最近、非常時の対策についていろいろ考えるようになったたか爺です。
地震災害時の対策としては、家具の転倒防止対策、非常持ち出し袋、避難経路の確認、食料・飲料対策、安否確認方法などたくさんあります。
今日はその食料対策の一部(パックご飯を使い捨てカイロで暖める方法)について検証してみました。

先日、ツイッターで「警視庁災害対策課」や「元自衛官」などが教える「パックご飯を温める方法」が紹介されていたという記事を見つけました。
非常時の、電気もガスも使えない中で温かいご飯を食べたいと思う人が多いのではないかと大変興味を持ちました。
そして、そんな簡単な方法が使えれば良いのではないかと思い、実際に試してみました。

私の結論から先に言うと、工夫しながら4回も試してみたのですが上手く行かず、やはり「使い捨てカイロでパックご飯を暖める」ことはよほどの裏技を使わない限り、簡単には出来ないという結論に至りました。
ツイッターに投稿された方法は、何か特殊な条件があったのかもしれません。

私が行なった検証実験のやり方は、後述する「実験の詳細」をお読みください。

もし、パックご飯を非常食として備蓄している方がありましたら、「使い捨てカイロ」以外の加熱手段(ヒートパックやカセットコンロなど)を一緒に準備しておいた方が良いと思います。
尚、使い捨てカイロ以外の暖め方については、この記事の「最後に」のところに別サイトの記事を紹介しましたのでご参考までに。

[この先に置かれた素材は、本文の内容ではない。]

(* Let $T$ be a triangle with no right angle. Then the complete 3-graph $K_4^3$ on four vertices (edges $123,124,134,234$) is forbidden for $T$.
   Context: A 3-graph is a 3-uniform hypergraph; $G$ is $F$-free if it has no (not necessarily induced) subhypergraph isomorphic to $F$. For a triangle $T$ with side lengths $a,b,c$ and $\varepsilon>0$, with $\varepsilon'=\varepsilon\min\{a,b,c\}$, a triangle $A'B'C'$ is $\varepsilon$-congruent to $T$ if there are $A,B,C\in\mathbb{R}^2$ with $ABC$ congruent to $T$ and $A',B',C'$ within distance $\varepsilon'$ of $A,B,C$ respectively. For finite $P\subseteq\mathbb{R}^2$, $\mathcal{H}(T,P,\varepsilon)$ is the 3-graph on $P$ whose edges are triples forming triangles $\varepsilon$-congruent to $T$. A 3-graph $H$ is forbidden for $T$ if there exists $\varepsilon>0$ such that for every $P\subseteq\mathbb{R}^2$ with $|P|=|V(H)|$, $\mathcal{H}(T,P,\varepsilon)$ is $H$-free. *)

From Stdlib Require Import Reals List.
Import ListNotations.
Open Scope R_scope.

Definition point : Type := (R * R)%type.

Definition dist (p q : point) : R :=
  sqrt ((fst p - fst q)^2 + (snd p - snd q)^2).

Record tri3 : Type := Tri3 {
  side_a : R; side_b : R; side_c : R;
  side_a_pos : 0 < side_a; side_b_pos : 0 < side_b; side_c_pos : 0 < side_c;
  tri_ab : side_c < side_a + side_b;
  tri_bc : side_a < side_b + side_c;
  tri_ca : side_b < side_c + side_a }.

Definition right_angled (T : tri3) : Prop :=
  let a := side_a T in let b := side_b T in let c := side_c T in
  a^2 + b^2 = c^2 \/ b^2 + c^2 = a^2 \/ c^2 + a^2 = b^2.

Definition congruent (A B C : point) (T : tri3) : Prop :=
  let a := side_a T in let b := side_b T in let c := side_c T in
  let x := dist B C in let y := dist C A in let z := dist A B in
  (x = a /\ y = b /\ z = c) \/ (x = a /\ y = c /\ z = b) \/
  (x = b /\ y = a /\ z = c) \/ (x = b /\ y = c /\ z = a) \/
  (x = c /\ y = a /\ z = b) \/ (x = c /\ y = b /\ z = a).

Definition eps_congruent (T : tri3) (eps : R) (A' B' C' : point) : Prop :=
  let eps' := eps * Rmin (side_a T) (Rmin (side_b T) (side_c T)) in
  exists A B C : point, congruent A B C T /\
    dist A' A <= eps' /\ dist B' B <= eps' /\ dist C' C <= eps'.

Definition HTPe_edge (T : tri3) (P : list point) (eps : R)
    (p q r : point) : Prop :=
  In p P /\ In q P /\ In r P /\ p <> q /\ q <> r /\ p <> r /\
  eps_congruent T eps p q r.

(* A 3-graph H on vertex set {0,...,nv-1} with edge list (triples) *)
Record hgraph3 : Type := HGraph3 {
  hg_nv : nat;
  hg_edges : list (nat * nat * nat) }.
(* $\mathfrak{ss}_c^{ui}=\mathfrak d$ and $(\mathfrak{ss}_c^{ui})^\perp=\mathfrak b$.
   Context: Let $\mathfrak S$ be the set of all sequences $\mathbf a=\langle a_i:i\in\omega\rangle$ of rational numbers with $a_i\to0$. For infinite $X\subseteq\omega$ with increasing enumeration $\langle i_n\rangle$, $\sum_X\mathbf a$ denotes $\sum_n a_{i_n}$; $[\omega]^\omega_\omega$ is the set of infinite coinfinite subsets of $\omega$. A series tends to infinity if its partial sums tend to $+\infty$ or to $-\infty$; it is conditional if the sum of its positive terms is $+\infty$ and the sum of its negative terms is $-\infty$; it tends unconditionally to infinity if it tends to infinity and is not conditional. Let $\mathfrak S_{ui}$ be the set of $\mathbf a\in\mathfrak S$ with $\sum\mathbf a$ tending unconditionally to infinity. $\mathfrak{ss}_c^{ui}$ is the least cardinality of $\mathcal X\subseteq[\omega]^\omega_\omega$ such that every $\mathbf a\in\mathfrak S_{ui}$ has some $X\in\mathcal X$ with $\sum_X\mathbf a$ convergent (to a real number); $(\mathfrak{ss}_c^{ui})^\perp$ is the least cardinality of $\mathcal A\subseteq\mathfrak S_{ui}$ such that no $X\in[\omega]^\omega_\omega$ makes $\sum_X\mathbf a$ convergent for all $\mathbf a\in\mathcal A$. $\mathfrak b$, $\mathfrak d$ are the bounding and dominating numbers. *)

From HB Require Import structures.
From mathcomp Require Import all_boot all_order all_algebra.
From mathcomp Require Import boolp classical_sets functions cardinality reals topology normedtype sequences.
Set Implicit Arguments. Unset Strict Implicit. Unset Printing Implicit Defensive.
Import Order.TTheory GRing.Theory Num.Theory.
Import numFieldNormedType.Exports.
Local Open Scope classical_set_scope.
Local Open Scope ring_scope.

Definition rseq := nat -> rat.

Definition tends_to_zero (a : rseq) : Prop :=
  forall e : rat, 0 < e -> exists N, forall n, (N <= n)%N -> `|a n| < e.

Definition psum (a : rseq) (m : nat) : rat := \sum_(i < m) a i.

(* partial sums of the subseries sum_X a: sum of the a_i with i < m and i in X
   (a re-indexing-free description of the partial sums of sum_n a_{i_n}) *)
Definition psumX (X : set nat) (a : rseq) (m : nat) : rat :=
  \sum_(i < m | `[< X i >]) a i.

Definition tends_pinfty (s : nat -> rat) : Prop :=
  forall M : rat, exists N, forall n, (N <= n)%N -> M < s n.
Definition tends_minfty (s : nat -> rat) : Prop :=
  forall M : rat, exists N, forall n, (N <= n)%N -> s n < M.

Definition series_tends_infty (a : rseq) : Prop :=
  tends_pinfty (psum a) \/ tends_minfty (psum a).

Definition series_conditional (a : rseq) : Prop :=
  tends_pinfty (psum (fun i => Num.max (a i) 0)) /\
  tends_minfty (psum (fun i => Num.min (a i) 0)).

Definition S_ui (a : rseq) : Prop :=
  tends_to_zero a /\ series_tends_infty a /\ ~ series_conditional a.

Definition inf_coinf (X : set nat) : Prop :=
  infinite_set X /\ infinite_set (~` X).

Definition subseries_converges (R : realType) (X : set nat) (a : rseq) : Prop :=
  exists l : R, ((fun m => ratr (psumX X a m)) : nat -> R) @ \oo --> l.

Definition ss_family (R : realType) (XX : set (set nat)) : Prop :=
  XX `<=` inf_coinf /\
  forall a, S_ui a -> exists2 X, XX X & subseries_converges R X a.

Definition ss_perp_family (R : realType) (A : set rseq) : Prop :=
  A `<=` S_ui /\
  ~ (exists X, inf_coinf X /\ forall a, A a -> subseries_converges R X a).

Definition le_star (f g : nat -> nat) : Prop :=
  exists N, forall n, (N <= n)%N -> (f n <= g n)%N.

Definition dominating_family (D : set (nat -> nat)) : Prop :=
  forall f, exists2 g, D g & le_star f g.

Definition unbounded_family (B : set (nat -> nat)) : Prop :=
  forall g, exists2 f, B f & ~ le_star f g.

(* min{|P| : P holds} = min{|Q| : Q holds} (cardinals are well ordered under
   choice, so equality of the minima is the conjunction of these two
   comparisons) *)
Definition same_min_card T U (P : set T -> Prop) (Q : set U -> Prop) : Prop :=
  (forall B, Q B -> exists2 A, P A & (A #<= B)%card) /\
  (forall A, P A -> exists2 B, Q B & (B #<= A)%card).

(* Both equalities come from four maps between functions and sets or
   sequences that transport the relevant families.  To a sequence a -> 0
   attach the decay index f_a, with |a_i| < 2^-n beyond f_a(n); to g attach
   the infinite coinfinite set X_g of even numbers whose k-th element is at
   least g(k).  If f_a <=* g then the sum of |a| over X_g is dominated by a
   geometric series, so it converges.  Conversely, to f attach the positive
   divergent sequence a_f equal to 1/(n+1) on the n-th block of a partition of
   omega into blocks ending at t_n >= f(n), and to an infinite X a point g_X(n)
   below which X has (n+1)^2 elements.  If f(n) > g_X(n), the partial sum of
   a_f over X up to t_n is at least n+1; so convergence forces f <=* g_X. *)

From HB Require Import structures.
From mathcomp Require Import all_boot all_order all_algebra.
From mathcomp Require Import boolp classical_sets functions cardinality reals topology normedtype sequences.
From mathcomp Require Import finmap zify lra.
Set Implicit Arguments. Unset Strict Implicit. Unset Printing Implicit Defensive.
Import Order.TTheory GRing.Theory Num.Theory.
Import numFieldNormedType.Exports.
Local Open Scope classical_set_scope.
Local Open Scope ring_scope.

Lemma exists_nat_gt (T : archiRealFieldType) (x : T) : exists n : nat, x < n%:R.
Proof.
case: (lerP x 0) => h; first by exists 1%N; apply: (le_lt_trans h).
by exists (Num.Def.archi_bound x); apply: archi_boundP; apply: ltW.
Qed.

Lemma sum_ltn_ord (k n : nat) : (\sum_(j < k) (j < n)%N)%N = minn k n.
Proof.
elim: k => [|k IH]; first by rewrite big_ord0 min0n.
by rewrite big_ord_recr /= IH; case: (ltnP k n) => h /=; lia.
Qed.

Lemma ler_sum_ord_widen (T : numDomainType) (F : nat -> T) (P : pred nat) m m' :
  (forall i, 0 <= F i) -> (m <= m')%N ->
  \sum_(i < m | P i) F i <= \sum_(i < m' | P i) F i.
Proof.
move=> F0 mm; rewrite (big_ord_widen_cond m' P F mm).
rewrite [X in _ <= X](bigID (fun i : 'I_m' => (i < m)%N)) /= lerDl.
by apply: sumr_ge0 => i _.
Qed.

Lemma ler_sum_ord_truncated (T : numDomainType) (F : nat -> T) (P : pred nat) k m :
  (forall i, 0 <= F i) ->
  \sum_(i < m | P i) (if (i < k)%N then F i else 0) <= \sum_(i < k) F i.
Proof.
move=> F0; pose G i := if (i < k)%N then F i else 0.
have G0 i : 0 <= G i by rewrite /G; case: ifP.
apply: (@le_trans _ _ (\sum_(i < maxn m k) G i)).
  rewrite [X in X <= _]big_mkcond.
  apply: (le_trans _ (ler_sum_ord_widen xpredT G0 (leq_maxl m k))).
  by apply: ler_sum => i _; case: (P i).
by rewrite (big_ord_widen (maxn m k) F (leq_maxr m k)) [X in _ <= X]big_mkcond.
Qed.

Lemma infinite_nat_setP (X : set nat) :
  infinite_set X <-> forall m, exists i, (m <= i)%N /\ X i.
Proof.
split=> [hX m|h].
  apply: contrapT => h; apply: hX.
  apply: (@sub_finite_set _ _ `I_m); last exact: finite_II.
  by move=> i Xi /=; rewrite ltnNge; apply/negP => mi; apply: h; exists i.
move=> /finite_fsetP[B hB].
have [i [hi Xi]] := h (\max_(x <- B) x).+1.
have : i \in B by move: Xi; rewrite hB.
move=> /(fun H => @leq_bigmax_seq _ (enum_fset B) xpredT id i H isT) /=.
by move: hi; rewrite ltnNge => /negP.
Qed.

Section BlockHarmonic.
Variable f : nat -> nat.

Definition block_end (n : nat) : nat := ((n.+1)^2 + \sum_(k < n.+1) f k)%N.

Lemma block_end_mono : {homo block_end : m n / (m <= n)%N}.
Proof.
move=> m n mn; rewrite /block_end leq_add ?leq_exp2r //.
by rewrite -(subnKC mn) -addSn big_split_ord /= leq_addr.
Qed.

Lemma block_end_gt n : (n < block_end n)%N.
Proof. rewrite /block_end; nia. Qed.

Lemma block_end_ge n : (f n <= block_end n)%N.
Proof. rewrite /block_end big_ord_recr /=; lia. Qed.

(* the least n with i < block_end n *)
Definition block_index (i : nat) : nat := (\sum_(n < i.+1) (block_end n <= i))%N.

Lemma block_index_le i n : (i < block_end n)%N -> (block_index i <= n)%N.
Proof.
move=> h; rewrite /block_index (@leq_trans (\sum_(j < i.+1) (j < n)%N)) //.
  apply: leq_sum => j _; case: (leqP (block_end j) i) => //= hj.
  rewrite lt0b ltnNge; apply/negP => nj.
  by have := block_end_mono nj; lia.
by rewrite sum_ltn_ord geq_minr.
Qed.

Lemma block_index_gt i n : (block_end n <= i)%N -> (n < block_index i)%N.
Proof.
move=> h; rewrite /block_index (@leq_trans (\sum_(j < i.+1) (j < n.+1)%N)) //.
  by rewrite sum_ltn_ord; have := block_end_gt n; lia.
apply: leq_sum => j _; case: (ltnP j n.+1) => //=; rewrite ltnS => hj.
by rewrite lt0b (leq_trans (block_end_mono hj)).
Qed.

Definition block_harmonic : rseq := fun i => 1 / (block_index i).+1%:R.

Lemma block_harmonic_ge0 i : 0 <= block_harmonic i.
Proof. by rewrite /block_harmonic divr_ge0. Qed.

使い捨てカイロが暖かくなる仕組みなども調べてみました。

使い捨てカイロの仕組みなど

使い捨てカイロがどうやって暖かくなるのか、ご存知の方も多いかと思いますがまとめてみました。

使い捨てカイロには「貼るカイロ」や「貼らないカイロ」などがありますが、内容成分はどれも同じで、鉄粉、水、活性炭、バーミキュライト、吸水性樹脂、塩類などが入っています。
これらが不織布に入っており、外袋であるビニールの袋で中身が空気に触れないように密封されています。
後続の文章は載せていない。